Exercise brief:
In the records below, find the line that contains "by apply: allpairs_uniq;" and the line that contains "Lemma head_prob_mulM : q * M%:R = 1 / 2.", then retype exactly those two lines and every line between them.

(Entries supplied begins)

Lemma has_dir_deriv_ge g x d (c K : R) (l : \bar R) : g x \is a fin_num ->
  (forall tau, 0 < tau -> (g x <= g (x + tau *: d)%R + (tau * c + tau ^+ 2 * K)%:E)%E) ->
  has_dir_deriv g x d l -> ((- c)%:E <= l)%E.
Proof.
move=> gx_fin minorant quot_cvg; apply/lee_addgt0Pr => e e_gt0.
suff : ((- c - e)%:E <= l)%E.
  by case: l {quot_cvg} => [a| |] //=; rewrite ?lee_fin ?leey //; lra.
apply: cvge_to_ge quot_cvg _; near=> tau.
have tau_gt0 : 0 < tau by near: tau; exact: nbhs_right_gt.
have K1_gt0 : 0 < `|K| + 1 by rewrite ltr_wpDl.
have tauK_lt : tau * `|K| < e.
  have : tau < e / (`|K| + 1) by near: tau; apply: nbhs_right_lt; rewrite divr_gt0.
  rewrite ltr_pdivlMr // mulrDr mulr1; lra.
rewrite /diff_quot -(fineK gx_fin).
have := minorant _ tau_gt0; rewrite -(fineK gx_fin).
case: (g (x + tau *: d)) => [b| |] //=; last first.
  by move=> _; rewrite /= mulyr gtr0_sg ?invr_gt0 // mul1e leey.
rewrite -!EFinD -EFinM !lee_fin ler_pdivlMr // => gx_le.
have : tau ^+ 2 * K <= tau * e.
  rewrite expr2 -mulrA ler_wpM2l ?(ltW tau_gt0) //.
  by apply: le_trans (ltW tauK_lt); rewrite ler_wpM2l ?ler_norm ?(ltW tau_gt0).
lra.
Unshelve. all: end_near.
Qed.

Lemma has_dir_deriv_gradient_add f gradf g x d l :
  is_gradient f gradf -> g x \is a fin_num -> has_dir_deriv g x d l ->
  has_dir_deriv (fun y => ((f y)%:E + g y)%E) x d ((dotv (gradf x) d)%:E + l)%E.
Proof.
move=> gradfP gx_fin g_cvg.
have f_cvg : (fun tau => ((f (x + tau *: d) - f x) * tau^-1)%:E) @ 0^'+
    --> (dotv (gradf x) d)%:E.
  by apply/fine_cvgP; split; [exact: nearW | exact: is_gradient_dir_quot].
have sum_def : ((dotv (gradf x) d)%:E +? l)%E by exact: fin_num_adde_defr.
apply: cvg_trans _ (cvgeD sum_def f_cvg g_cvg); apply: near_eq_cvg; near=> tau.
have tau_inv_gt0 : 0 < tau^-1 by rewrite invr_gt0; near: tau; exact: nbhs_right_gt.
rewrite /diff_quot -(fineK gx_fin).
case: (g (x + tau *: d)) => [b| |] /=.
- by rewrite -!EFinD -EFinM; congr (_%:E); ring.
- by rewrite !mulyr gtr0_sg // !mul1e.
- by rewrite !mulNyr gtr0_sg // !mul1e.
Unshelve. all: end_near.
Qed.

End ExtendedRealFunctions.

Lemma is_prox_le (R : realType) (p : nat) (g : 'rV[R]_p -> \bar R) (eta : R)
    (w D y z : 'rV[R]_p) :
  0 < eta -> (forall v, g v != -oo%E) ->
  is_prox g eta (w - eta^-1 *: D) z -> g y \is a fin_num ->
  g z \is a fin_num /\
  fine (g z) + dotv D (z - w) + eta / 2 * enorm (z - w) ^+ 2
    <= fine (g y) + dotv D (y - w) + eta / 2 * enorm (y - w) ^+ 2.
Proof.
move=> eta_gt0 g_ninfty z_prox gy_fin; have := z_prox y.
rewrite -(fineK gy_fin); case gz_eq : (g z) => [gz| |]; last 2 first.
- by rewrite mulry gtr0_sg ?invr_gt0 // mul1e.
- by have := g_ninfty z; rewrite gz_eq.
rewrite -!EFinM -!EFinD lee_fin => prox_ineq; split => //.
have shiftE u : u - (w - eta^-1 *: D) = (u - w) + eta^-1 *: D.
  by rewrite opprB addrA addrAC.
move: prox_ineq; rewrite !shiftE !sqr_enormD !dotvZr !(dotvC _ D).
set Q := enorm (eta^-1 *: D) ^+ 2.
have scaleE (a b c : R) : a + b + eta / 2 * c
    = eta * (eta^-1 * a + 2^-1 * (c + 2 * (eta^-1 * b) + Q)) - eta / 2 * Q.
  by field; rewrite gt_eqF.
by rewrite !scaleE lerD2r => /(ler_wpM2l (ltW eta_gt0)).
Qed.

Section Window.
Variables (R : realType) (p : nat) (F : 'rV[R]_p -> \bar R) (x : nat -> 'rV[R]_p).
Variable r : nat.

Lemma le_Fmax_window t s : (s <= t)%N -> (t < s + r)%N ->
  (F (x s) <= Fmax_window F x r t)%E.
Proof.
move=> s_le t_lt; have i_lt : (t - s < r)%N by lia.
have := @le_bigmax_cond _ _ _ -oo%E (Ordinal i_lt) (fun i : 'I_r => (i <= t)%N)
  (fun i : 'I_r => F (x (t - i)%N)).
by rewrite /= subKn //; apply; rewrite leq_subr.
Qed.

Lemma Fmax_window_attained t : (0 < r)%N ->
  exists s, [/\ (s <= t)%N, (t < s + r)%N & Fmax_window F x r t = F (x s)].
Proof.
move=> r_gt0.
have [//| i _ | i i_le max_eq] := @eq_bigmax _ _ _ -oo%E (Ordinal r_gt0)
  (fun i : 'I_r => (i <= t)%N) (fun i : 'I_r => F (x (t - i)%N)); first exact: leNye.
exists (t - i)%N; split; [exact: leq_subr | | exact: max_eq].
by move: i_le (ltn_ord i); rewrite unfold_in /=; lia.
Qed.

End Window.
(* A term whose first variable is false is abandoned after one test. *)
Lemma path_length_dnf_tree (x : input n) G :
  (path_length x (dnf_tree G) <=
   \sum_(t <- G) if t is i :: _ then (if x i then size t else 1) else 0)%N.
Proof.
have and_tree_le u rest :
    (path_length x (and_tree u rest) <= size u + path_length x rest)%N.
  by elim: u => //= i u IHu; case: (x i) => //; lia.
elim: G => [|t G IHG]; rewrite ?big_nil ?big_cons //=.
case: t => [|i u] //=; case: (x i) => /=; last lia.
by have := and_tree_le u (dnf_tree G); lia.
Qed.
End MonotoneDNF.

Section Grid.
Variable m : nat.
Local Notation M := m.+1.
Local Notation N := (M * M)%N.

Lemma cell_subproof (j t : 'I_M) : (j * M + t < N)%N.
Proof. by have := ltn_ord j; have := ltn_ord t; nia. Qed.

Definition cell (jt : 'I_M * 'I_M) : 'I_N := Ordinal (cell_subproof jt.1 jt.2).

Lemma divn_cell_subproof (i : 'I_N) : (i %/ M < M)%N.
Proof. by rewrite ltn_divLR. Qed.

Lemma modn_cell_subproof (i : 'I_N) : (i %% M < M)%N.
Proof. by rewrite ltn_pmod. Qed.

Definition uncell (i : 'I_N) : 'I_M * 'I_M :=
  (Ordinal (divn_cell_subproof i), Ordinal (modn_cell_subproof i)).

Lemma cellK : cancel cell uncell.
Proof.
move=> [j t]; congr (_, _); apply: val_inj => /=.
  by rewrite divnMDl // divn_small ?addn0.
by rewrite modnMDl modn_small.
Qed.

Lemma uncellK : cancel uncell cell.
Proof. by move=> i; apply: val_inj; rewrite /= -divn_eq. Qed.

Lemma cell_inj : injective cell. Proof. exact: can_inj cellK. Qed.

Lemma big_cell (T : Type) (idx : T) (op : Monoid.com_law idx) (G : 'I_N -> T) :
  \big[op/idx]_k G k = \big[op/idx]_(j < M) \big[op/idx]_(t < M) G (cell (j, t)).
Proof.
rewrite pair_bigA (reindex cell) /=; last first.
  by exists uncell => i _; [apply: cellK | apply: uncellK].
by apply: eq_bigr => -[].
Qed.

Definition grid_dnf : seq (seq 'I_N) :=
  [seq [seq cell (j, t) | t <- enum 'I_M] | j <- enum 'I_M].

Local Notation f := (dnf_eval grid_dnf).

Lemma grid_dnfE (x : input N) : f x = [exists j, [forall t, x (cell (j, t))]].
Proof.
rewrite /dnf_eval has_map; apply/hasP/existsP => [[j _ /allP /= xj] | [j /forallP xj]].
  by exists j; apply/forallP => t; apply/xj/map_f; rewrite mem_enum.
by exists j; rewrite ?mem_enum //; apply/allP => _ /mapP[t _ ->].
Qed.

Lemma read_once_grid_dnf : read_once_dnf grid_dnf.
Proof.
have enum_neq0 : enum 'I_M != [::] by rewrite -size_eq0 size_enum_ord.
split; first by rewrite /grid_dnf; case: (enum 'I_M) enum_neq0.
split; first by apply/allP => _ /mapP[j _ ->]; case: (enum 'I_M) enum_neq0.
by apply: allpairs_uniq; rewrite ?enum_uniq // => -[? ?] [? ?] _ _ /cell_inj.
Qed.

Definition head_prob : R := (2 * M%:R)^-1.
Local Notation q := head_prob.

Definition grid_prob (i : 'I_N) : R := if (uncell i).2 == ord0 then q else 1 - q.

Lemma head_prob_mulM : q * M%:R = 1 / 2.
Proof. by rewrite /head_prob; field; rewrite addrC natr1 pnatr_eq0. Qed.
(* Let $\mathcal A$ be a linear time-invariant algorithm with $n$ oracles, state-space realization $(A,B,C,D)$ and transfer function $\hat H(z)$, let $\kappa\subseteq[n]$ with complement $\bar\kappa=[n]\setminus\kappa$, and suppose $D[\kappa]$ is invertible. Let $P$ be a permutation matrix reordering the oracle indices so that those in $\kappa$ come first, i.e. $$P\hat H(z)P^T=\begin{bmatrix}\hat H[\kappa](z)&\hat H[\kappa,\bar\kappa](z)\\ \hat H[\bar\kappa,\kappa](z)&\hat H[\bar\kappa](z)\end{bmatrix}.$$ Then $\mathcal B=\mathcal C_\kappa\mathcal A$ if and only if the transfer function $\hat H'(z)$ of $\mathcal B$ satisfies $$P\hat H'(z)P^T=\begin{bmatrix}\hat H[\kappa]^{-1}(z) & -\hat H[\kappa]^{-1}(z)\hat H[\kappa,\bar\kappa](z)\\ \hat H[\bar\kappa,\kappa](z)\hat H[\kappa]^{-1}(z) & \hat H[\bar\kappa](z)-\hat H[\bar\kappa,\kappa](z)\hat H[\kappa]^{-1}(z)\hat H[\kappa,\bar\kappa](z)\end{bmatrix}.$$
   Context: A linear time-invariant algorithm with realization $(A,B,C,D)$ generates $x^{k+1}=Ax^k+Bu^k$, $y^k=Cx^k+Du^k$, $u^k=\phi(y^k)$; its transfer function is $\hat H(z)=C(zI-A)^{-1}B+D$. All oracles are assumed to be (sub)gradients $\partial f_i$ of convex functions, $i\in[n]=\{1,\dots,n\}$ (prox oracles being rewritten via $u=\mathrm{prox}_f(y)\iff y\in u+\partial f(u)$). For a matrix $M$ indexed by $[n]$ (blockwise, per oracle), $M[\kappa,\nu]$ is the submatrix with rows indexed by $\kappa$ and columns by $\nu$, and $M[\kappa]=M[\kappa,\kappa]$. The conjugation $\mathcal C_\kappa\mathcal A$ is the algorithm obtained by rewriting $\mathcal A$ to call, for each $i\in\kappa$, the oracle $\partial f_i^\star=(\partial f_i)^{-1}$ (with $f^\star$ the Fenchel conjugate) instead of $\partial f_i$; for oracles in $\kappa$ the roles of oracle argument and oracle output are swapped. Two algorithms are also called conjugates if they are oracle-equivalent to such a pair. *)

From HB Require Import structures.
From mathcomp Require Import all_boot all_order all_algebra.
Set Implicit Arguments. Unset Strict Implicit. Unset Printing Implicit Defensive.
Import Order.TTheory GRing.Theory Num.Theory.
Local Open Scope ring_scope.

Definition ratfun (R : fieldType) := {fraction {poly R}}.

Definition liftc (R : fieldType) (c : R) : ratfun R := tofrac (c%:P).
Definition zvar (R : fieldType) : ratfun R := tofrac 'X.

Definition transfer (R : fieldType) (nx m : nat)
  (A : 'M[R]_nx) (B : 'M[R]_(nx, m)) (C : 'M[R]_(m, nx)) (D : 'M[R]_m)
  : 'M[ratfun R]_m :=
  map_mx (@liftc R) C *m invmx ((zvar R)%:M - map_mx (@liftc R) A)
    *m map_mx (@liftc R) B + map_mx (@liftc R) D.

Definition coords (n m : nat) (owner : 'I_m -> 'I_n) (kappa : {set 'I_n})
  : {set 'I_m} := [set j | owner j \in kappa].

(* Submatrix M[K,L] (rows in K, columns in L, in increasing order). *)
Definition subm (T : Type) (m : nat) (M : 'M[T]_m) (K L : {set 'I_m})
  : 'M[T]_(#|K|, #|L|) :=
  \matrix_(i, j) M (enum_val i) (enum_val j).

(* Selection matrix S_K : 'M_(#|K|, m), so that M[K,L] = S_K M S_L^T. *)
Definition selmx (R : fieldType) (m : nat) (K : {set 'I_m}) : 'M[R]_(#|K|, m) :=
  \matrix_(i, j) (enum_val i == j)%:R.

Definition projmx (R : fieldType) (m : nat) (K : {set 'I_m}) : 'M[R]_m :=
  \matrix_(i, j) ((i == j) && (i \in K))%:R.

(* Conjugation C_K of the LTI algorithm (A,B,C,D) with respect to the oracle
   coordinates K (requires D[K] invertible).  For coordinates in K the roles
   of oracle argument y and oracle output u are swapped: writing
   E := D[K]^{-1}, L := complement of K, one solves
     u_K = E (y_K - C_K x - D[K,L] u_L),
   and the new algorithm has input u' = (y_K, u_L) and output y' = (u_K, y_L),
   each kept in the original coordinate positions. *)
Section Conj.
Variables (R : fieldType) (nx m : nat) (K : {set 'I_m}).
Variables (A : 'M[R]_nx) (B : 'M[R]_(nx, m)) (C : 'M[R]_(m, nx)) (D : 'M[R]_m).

(Entries supplied ends)

Answer for this exercise:
by apply: allpairs_uniq; rewrite ?enum_uniq // => -[? ?] [? ?] _ _ /cell_inj.
Qed.

Definition head_prob : R := (2 * M%:R)^-1.
Local Notation q := head_prob.

Definition grid_prob (i : 'I_N) : R := if (uncell i).2 == ord0 then q else 1 - q.

Lemma head_prob_mulM : q * M%:R = 1 / 2.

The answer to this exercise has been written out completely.